Николас собрал все свои силы и углубился в Аксхара. Время распалось на десятки тысяч фрагментов и, подобно лунному отражению на воде, стало иллюзорным. Николас почувствовал биение кокоро, когда он вызвал силы Вселенной, глубоко упрятанные в его сущности. Он чувствовал захватившую его вибрацию, как пламя, бегущее по венам. Затем биение постепенно замедлилось и остановилось полностью.

Пора!

Он бросился вверх и вперед. Переворачиваясь, он почувствовал, что его голова коснулась на мгновение потолка, чего было достаточно, чтобы изменить траекторию полета, укоротив ее. Своим глазом тандзяна он увидел опасность того, что одна из его ног прервет луч лазера.

Николас потянулся вверх, некоде, надетые на его руки, впились в балочное перекрытие. Расставив ноги, он закачался на балке, как безумная обезьяна, затем услышал скрип, почувствовал на себе струйку опилок — это прогибалась балка, за которую он уцепился. Он предпринял отчаянный шаг. Продолжая раскачиваться, собрал силы, чтобы оттолкнуться и полететь снова. Балка, прогнившая от протекавшей крыши, начала ломаться по-настоящему, опустив немного вниз державшегося за нее Николаса.

Тогда он оторвался от нее, пролетел вперед, кувыркаясь, в темноту комнаты, над лазерным лучом, который сверкнул перед его взором, над рубиновой иглой и очутился по другую сторону лазера, продолжая кувыркаться.

Он шлепнулся о доски пола, перекатился на спину. Его голова все еще уходила в плечи, когда он встал на четвереньки.

Николас был в мансарде.

* * *

Челеста проснулась в темноте с мыслью: «Я должна простить не мать, а своего отца». Она села на кровати, находясь в том странном переходном состоянии, когда человек, окончательно еще не проснувшись, не может определить, что реально, а что является еще продолжением сна. В этом состоянии она просидела не одну минуту.

Жизнь, в которой она только что жила, была до того, как убили ее отца. Было это жертвой? Так объяснил ей Оками-сан. Челеста не сказала ему, и он никогда бы этого не понял, что никакие объяснения не смогут примирить ее со смертью отца. Она не хотела никаких объяснений, она хотела, чтобы он вернулся.

Ее отец был настолько одержим Востоком, что Оками-сан часто в шутку говорил ему, что он больше японец, чем венецианец. Он видел суть проблем, а не их внешнее проявление, и решения, которые он принимал, часто ставили в тупик его соперников и помогли ему собрать небольшое состояние, которое сохранилось даже исходя из вздутых стандартов сегодняшнего дня.

Челеста сидела в темноте своего номера в парижской гостинице, не желая еще признавать реальность окружающей ее действительности. Многое она отдала бы за то, чтобы ее отец был снова жив и стоял сейчас около нее. Все, что угодно, даже жизнь Оками-сан. Она обязалась защищать его, потому что таким было желание ее отца. Но на самом деле она презирала Оками всей душой. Только настоящему венецианцу понятно, как можно спрятать так глубоко презрение, ничем не выдав его.

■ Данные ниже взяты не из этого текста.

(* The variation of the Lagrangian part of [S_d] is
   [sum_k D1 L_d(x_k, x_(k+1)) . dx_k + D2 L_d(x_k, x_(k+1)) . dx_(k+1)]
   (a chain rule that needs only continuous partial derivatives, via the mean
   value theorem), and summation by parts with [dx_0 = dx_N = 0] turns it into
   [sum_k (D1 L_d(x_k, x_(k+1)) + D2 L_d(x_(k-1), x_k)) . dx_k].
   In the coupling term, [J_-^a] is adjoint to [J_+^a] for [sum_k u_k . v_k],
   and [J^(-alpha) J^(-beta) = J^(-(alpha+beta))]: near [0], where
   [gamma/h > 0], [(gamma/h)^(alpha+beta) = (gamma/h)^alpha (gamma/h)^beta]
   with smooth factors, so by the Leibniz rule the Taylor coefficients
   [omega^(a+b)] are the Cauchy product of [omega^(a)] and [omega^(b)].
   The variation is therefore [sum_k (EL_k(x) + EL_k(y)
   - mu h (J_-^(-(alpha+beta)) x_k + J_+^(-(alpha+beta)) y_k)) . dx_k],
   which vanishes term by term by the discrete Euler-Lagrange equations. *)

Lemma binomial_sum_step (R : comNzRingType) (a b : nat -> R) n :
  \sum_(i < n.+1) 'C(n, i)%:R * (a i.+1 * b (n - i)%N + a i * b (n.+1 - i)%N) =
  \sum_(i < n.+2) 'C(n.+1, i)%:R * (a i * b (n.+1 - i)%N).
Proof.
rewrite [RHS]big_ord_recl /= bin0 subn0 mul1r.
under [X in _ = _ + X]eq_bigr => i _ do
  rewrite /bump add1n binS natrD mulrDl subSS.
rewrite big_split /=.
under eq_bigr => i _ do rewrite mulrDr.
rewrite big_split /= [RHS]addrA [RHS]addrC; congr (_ + _).
rewrite big_ord_recl /= bin0 mul1r subn0; congr (_ + _).
rewrite [RHS]big_ord_recr /= bin_small // mul0r addr0.
by apply: eq_bigr => i _; rewrite /bump add1n subSS.
Qed.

Оками пришел в их жизнь много лет тому назад, заманил их в гнездо гадюк, в мир, созданный им самим, который был наполнен враждебностью, старой, как многовековой дуб.

Он сразу увлекся ее мачехой-интриганкой. Челеста никогда не доверяла ей, презирала а одновременно боялась ее. Уроженка Сицилии, ока была им чужой, но она обладала темной силой, способностью создать паутину скандала и обмана, в которую втягивался с печальным для него результатом любой, кто стоял на пути ее мужа.

Когда Челеста подросла, она поняла, что Оками помог мачехе. Вместе они приобрели власть, какую не смог бы иметь ее отец в одиночку.

Весь мир Челесты вращался вокруг ее отца. Она росла вместе се своей старшей сестрой, секретничая с ней в темноте до тех пор, пока постепенно она не сделала открытия, которым уже не могла поделиться.

Ей припомнилось, когда это случилось в первый раз. Она и ее сестра лежали на спине на пляже в Лидо. Был знойный летний день, когда толчея людей на площади Святого Марка делает почти невозможным какое-либо продвижение, когда исторические стены почти исчезают за морем человеческих голов.

Ее сестра, уставившись в медленно плывущие облака, улавливала в них очертания грифона, влюбленной парочки, бьющей копытами лошади. Челеста сконцентрировала свое воображение, пытаясь также увидеть фантастические фигуры, которые описывала ей сестра.

Но она увидела тонущего человека — погруженную во мрак маленькую черноволосую голову с лицом, повернутым к небу, которая поднималась вверх и вниз в океане. Потом она увидела набегавшую волну с такой отчетливостью, что у нее захватило дыхание. Челеста почувствовала, что и она не может больше вдохнуть воздух в свои легкие. Тогда она вскочила и побежала. У нее кружилась голова, ее качало, как пьяную. Она устремилась вдоль мокрой береговой линии, перепрыгивая через купальщиков, которые поворачивали к ней свои потные, намасленные лица, с раскрытыми от изумления ртами и выпученными глазами.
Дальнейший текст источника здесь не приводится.